» ABOUT THIS EXERCISE
Could you show all lines in the entries below that contain the string "symmetric"?

[Stored data entries]

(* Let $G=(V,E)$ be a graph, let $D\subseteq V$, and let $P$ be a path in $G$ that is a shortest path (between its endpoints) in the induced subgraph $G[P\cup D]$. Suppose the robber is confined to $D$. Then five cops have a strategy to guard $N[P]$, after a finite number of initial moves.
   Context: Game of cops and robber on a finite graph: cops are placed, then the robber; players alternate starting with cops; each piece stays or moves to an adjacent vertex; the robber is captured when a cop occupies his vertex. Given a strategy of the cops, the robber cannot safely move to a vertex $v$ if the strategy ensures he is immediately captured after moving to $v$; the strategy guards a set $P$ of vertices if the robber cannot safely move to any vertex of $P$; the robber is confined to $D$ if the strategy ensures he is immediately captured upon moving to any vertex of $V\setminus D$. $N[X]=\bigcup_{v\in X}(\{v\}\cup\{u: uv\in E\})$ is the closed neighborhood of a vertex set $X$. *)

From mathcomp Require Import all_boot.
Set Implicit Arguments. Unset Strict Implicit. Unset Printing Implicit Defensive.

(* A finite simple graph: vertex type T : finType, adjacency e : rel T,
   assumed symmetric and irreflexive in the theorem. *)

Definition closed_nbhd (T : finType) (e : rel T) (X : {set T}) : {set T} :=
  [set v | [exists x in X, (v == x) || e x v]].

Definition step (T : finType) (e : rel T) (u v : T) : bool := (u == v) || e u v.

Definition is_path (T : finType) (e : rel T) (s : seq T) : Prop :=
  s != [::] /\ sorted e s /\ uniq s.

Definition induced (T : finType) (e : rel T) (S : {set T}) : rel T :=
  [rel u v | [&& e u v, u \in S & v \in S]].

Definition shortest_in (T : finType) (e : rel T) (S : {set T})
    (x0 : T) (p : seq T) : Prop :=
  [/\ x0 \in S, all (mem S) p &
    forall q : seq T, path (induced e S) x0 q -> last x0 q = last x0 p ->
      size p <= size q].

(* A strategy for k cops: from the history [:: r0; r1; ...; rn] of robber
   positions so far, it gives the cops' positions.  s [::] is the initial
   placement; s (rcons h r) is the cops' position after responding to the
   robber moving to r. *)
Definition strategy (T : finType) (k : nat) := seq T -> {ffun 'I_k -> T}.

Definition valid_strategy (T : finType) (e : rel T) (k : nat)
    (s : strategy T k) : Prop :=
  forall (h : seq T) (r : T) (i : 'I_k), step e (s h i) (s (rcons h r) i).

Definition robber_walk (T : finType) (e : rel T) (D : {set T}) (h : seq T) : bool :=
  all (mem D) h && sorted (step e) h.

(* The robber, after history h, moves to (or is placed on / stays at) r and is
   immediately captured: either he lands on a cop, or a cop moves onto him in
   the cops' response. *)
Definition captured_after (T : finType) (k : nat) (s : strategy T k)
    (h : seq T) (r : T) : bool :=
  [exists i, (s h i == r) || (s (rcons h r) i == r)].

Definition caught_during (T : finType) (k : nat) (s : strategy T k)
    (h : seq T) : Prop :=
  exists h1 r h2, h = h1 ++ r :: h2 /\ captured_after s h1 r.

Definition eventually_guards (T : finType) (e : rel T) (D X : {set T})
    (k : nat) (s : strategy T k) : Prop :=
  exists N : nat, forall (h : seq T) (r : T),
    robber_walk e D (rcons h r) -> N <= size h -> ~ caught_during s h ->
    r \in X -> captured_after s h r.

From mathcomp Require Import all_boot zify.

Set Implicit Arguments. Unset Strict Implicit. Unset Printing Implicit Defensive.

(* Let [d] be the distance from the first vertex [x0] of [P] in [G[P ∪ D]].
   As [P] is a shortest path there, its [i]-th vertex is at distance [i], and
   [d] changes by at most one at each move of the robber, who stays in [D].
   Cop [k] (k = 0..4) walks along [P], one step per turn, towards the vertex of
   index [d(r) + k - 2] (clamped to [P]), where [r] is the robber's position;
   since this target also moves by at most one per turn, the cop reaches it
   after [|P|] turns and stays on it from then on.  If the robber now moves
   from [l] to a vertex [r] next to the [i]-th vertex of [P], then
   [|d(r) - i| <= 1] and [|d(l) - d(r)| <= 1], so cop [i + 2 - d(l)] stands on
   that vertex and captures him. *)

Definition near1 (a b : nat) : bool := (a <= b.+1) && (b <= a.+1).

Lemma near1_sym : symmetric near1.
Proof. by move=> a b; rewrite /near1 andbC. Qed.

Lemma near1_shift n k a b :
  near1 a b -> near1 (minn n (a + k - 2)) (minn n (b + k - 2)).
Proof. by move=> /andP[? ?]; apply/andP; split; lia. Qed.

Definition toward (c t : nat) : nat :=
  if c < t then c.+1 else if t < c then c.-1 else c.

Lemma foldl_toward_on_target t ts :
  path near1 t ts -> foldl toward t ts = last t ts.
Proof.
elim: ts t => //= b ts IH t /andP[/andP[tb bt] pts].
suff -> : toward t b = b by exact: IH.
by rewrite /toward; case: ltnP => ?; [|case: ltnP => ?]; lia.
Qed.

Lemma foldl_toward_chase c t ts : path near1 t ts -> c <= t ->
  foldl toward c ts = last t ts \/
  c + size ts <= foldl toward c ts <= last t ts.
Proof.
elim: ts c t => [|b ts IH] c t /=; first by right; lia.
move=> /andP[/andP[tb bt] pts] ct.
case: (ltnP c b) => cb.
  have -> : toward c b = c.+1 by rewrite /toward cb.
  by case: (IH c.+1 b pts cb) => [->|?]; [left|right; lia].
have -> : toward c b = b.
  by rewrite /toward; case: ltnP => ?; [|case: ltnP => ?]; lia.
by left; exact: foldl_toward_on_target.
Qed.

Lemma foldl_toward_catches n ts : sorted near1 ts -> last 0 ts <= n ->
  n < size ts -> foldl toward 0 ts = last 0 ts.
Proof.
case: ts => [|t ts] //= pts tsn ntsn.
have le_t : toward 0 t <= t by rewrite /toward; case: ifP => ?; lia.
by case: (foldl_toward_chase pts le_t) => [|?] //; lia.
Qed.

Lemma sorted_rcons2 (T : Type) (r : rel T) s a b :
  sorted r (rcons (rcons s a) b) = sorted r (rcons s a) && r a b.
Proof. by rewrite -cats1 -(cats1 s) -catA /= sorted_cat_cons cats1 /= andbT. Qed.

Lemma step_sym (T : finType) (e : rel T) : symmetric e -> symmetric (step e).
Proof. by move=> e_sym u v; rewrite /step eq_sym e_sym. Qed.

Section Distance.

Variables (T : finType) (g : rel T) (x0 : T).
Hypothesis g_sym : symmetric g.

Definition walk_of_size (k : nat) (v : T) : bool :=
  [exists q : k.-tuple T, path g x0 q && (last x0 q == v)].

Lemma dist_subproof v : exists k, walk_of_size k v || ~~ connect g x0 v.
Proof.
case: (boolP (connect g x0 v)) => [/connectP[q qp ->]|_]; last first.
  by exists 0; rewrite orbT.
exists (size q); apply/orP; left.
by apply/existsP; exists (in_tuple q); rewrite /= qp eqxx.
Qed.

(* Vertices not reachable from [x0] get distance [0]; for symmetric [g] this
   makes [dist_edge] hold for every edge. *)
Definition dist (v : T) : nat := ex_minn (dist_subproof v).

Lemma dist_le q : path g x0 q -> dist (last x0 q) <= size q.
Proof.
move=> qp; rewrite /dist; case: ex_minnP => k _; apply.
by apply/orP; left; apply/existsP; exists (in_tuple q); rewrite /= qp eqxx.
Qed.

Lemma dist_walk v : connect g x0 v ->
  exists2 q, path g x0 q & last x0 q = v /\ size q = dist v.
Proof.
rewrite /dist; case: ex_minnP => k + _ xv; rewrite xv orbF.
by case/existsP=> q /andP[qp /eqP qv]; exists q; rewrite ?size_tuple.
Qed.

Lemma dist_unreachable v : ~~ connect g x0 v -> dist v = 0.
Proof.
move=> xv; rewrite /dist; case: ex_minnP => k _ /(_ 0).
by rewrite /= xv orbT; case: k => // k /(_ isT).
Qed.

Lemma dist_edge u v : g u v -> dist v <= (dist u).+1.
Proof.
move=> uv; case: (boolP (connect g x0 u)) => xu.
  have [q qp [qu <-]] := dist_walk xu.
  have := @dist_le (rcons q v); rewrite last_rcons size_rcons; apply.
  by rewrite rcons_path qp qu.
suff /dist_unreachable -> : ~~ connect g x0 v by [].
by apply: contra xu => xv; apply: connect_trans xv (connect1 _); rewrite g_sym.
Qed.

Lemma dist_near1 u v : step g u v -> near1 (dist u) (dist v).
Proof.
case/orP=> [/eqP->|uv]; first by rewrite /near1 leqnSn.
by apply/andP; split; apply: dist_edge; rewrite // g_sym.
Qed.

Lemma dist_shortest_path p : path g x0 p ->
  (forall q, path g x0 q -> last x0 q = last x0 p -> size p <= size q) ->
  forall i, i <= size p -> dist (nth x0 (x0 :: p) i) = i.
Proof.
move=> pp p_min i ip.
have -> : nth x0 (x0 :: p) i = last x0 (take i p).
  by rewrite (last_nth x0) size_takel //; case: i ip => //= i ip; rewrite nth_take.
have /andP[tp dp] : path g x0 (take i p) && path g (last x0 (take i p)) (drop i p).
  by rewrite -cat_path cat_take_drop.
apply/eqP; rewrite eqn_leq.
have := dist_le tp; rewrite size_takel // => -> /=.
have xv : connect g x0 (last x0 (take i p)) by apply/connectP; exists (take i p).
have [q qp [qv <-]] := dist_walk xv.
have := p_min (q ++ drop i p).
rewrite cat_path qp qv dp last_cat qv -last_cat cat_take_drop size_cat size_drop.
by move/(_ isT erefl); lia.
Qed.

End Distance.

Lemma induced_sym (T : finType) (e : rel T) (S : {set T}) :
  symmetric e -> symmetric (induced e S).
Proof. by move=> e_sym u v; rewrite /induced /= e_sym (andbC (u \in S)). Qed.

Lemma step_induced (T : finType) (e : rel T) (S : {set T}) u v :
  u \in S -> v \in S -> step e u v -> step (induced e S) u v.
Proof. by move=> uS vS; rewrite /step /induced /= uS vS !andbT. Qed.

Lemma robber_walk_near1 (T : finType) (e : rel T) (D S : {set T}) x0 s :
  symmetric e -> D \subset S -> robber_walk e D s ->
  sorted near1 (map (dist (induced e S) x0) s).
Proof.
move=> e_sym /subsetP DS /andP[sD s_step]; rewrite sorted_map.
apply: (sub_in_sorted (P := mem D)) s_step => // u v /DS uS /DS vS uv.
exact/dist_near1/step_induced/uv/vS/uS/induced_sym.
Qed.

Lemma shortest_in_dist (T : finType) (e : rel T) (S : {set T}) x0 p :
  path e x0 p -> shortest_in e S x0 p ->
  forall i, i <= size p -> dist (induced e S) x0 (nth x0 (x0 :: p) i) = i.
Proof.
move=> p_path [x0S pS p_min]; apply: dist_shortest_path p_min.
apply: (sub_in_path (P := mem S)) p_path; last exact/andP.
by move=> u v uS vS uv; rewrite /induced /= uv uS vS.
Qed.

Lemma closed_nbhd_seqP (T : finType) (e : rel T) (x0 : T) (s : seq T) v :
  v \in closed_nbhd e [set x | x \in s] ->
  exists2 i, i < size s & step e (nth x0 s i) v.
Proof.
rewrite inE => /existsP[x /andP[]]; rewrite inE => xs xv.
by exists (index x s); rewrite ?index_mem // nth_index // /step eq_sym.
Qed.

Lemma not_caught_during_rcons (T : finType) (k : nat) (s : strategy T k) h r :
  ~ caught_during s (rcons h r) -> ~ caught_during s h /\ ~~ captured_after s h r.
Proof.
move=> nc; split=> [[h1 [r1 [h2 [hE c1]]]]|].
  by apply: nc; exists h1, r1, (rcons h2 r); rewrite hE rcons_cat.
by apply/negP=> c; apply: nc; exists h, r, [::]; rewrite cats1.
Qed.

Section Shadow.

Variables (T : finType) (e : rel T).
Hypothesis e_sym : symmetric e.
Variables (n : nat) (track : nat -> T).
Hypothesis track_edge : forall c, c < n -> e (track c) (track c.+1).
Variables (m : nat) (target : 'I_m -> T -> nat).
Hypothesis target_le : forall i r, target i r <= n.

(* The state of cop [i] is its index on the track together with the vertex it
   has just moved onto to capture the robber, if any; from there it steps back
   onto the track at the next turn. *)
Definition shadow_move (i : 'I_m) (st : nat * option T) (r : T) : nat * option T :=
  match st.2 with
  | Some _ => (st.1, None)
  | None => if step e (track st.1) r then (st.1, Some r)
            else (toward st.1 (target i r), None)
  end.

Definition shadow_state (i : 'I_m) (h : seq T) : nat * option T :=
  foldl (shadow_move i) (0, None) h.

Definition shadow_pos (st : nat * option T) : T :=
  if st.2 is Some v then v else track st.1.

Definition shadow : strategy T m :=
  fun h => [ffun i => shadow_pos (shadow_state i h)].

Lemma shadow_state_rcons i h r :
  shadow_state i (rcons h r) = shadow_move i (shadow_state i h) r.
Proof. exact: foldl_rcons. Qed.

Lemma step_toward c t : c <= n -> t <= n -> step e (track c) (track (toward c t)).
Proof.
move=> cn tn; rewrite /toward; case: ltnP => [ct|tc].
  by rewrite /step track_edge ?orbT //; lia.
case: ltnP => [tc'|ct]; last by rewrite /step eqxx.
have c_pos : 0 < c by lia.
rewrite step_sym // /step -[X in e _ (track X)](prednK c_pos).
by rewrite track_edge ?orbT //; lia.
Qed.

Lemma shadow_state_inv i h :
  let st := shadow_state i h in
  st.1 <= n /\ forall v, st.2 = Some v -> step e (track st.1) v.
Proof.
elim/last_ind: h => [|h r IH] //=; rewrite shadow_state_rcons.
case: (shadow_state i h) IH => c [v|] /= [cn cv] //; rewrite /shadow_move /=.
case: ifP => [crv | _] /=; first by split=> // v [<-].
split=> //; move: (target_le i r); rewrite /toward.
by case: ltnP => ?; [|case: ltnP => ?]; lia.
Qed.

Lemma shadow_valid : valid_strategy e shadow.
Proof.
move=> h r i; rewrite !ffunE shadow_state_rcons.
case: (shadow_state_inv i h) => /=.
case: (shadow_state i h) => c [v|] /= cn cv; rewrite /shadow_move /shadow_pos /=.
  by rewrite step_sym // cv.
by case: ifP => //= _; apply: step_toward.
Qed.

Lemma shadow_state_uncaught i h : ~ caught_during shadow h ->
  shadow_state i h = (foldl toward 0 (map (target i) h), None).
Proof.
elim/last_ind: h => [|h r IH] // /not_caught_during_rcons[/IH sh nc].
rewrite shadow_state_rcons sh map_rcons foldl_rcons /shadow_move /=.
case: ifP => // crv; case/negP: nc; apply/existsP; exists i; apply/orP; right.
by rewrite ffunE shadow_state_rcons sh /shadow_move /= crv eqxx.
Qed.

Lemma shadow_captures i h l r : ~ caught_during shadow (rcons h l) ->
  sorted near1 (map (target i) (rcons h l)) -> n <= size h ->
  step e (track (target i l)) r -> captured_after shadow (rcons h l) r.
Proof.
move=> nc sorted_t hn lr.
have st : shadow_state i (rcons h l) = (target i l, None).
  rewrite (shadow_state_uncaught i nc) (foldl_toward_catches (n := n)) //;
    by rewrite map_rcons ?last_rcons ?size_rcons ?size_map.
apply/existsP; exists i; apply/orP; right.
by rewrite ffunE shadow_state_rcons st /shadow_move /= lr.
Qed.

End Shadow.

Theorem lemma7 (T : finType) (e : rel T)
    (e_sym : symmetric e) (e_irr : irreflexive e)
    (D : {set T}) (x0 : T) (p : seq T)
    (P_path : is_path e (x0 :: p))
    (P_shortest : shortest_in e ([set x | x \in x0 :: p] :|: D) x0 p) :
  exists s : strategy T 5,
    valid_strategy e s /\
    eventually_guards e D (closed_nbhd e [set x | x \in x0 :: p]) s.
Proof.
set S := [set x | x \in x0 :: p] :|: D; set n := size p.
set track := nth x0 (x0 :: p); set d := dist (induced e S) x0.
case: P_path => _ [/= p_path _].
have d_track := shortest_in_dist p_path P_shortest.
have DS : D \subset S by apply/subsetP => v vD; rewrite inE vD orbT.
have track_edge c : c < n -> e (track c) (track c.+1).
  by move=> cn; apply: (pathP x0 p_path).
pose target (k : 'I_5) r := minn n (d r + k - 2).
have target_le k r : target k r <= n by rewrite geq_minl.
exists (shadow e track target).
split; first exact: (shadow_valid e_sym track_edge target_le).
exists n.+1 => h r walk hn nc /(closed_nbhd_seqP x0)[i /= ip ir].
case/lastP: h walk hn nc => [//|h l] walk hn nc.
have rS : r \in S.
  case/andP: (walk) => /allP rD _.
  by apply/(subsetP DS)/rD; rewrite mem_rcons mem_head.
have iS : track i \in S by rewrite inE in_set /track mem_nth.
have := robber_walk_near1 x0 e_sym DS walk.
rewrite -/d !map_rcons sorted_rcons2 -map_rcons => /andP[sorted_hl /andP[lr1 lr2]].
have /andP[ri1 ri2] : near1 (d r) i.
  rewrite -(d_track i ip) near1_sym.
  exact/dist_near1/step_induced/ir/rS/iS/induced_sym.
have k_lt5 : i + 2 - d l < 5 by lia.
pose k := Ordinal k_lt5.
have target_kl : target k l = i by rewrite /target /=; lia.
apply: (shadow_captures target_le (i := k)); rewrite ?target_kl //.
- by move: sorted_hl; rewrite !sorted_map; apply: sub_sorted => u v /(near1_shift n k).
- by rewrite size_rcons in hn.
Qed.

» SOLUTION TO THIS PROBLEM
   assumed symmetric and irreflexive in the theorem. *)
Lemma near1_sym : symmetric near1.
Lemma step_sym (T : finType) (e : rel T) : symmetric e -> symmetric (step e).
Hypothesis g_sym : symmetric g.
(* Vertices not reachable from [x0] get distance [0]; for symmetric [g] this
  symmetric e -> symmetric (induced e S).
  symmetric e -> D \subset S -> robber_walk e D s ->
Hypothesis e_sym : symmetric e.
    (e_sym : symmetric e) (e_irr : irreflexive e)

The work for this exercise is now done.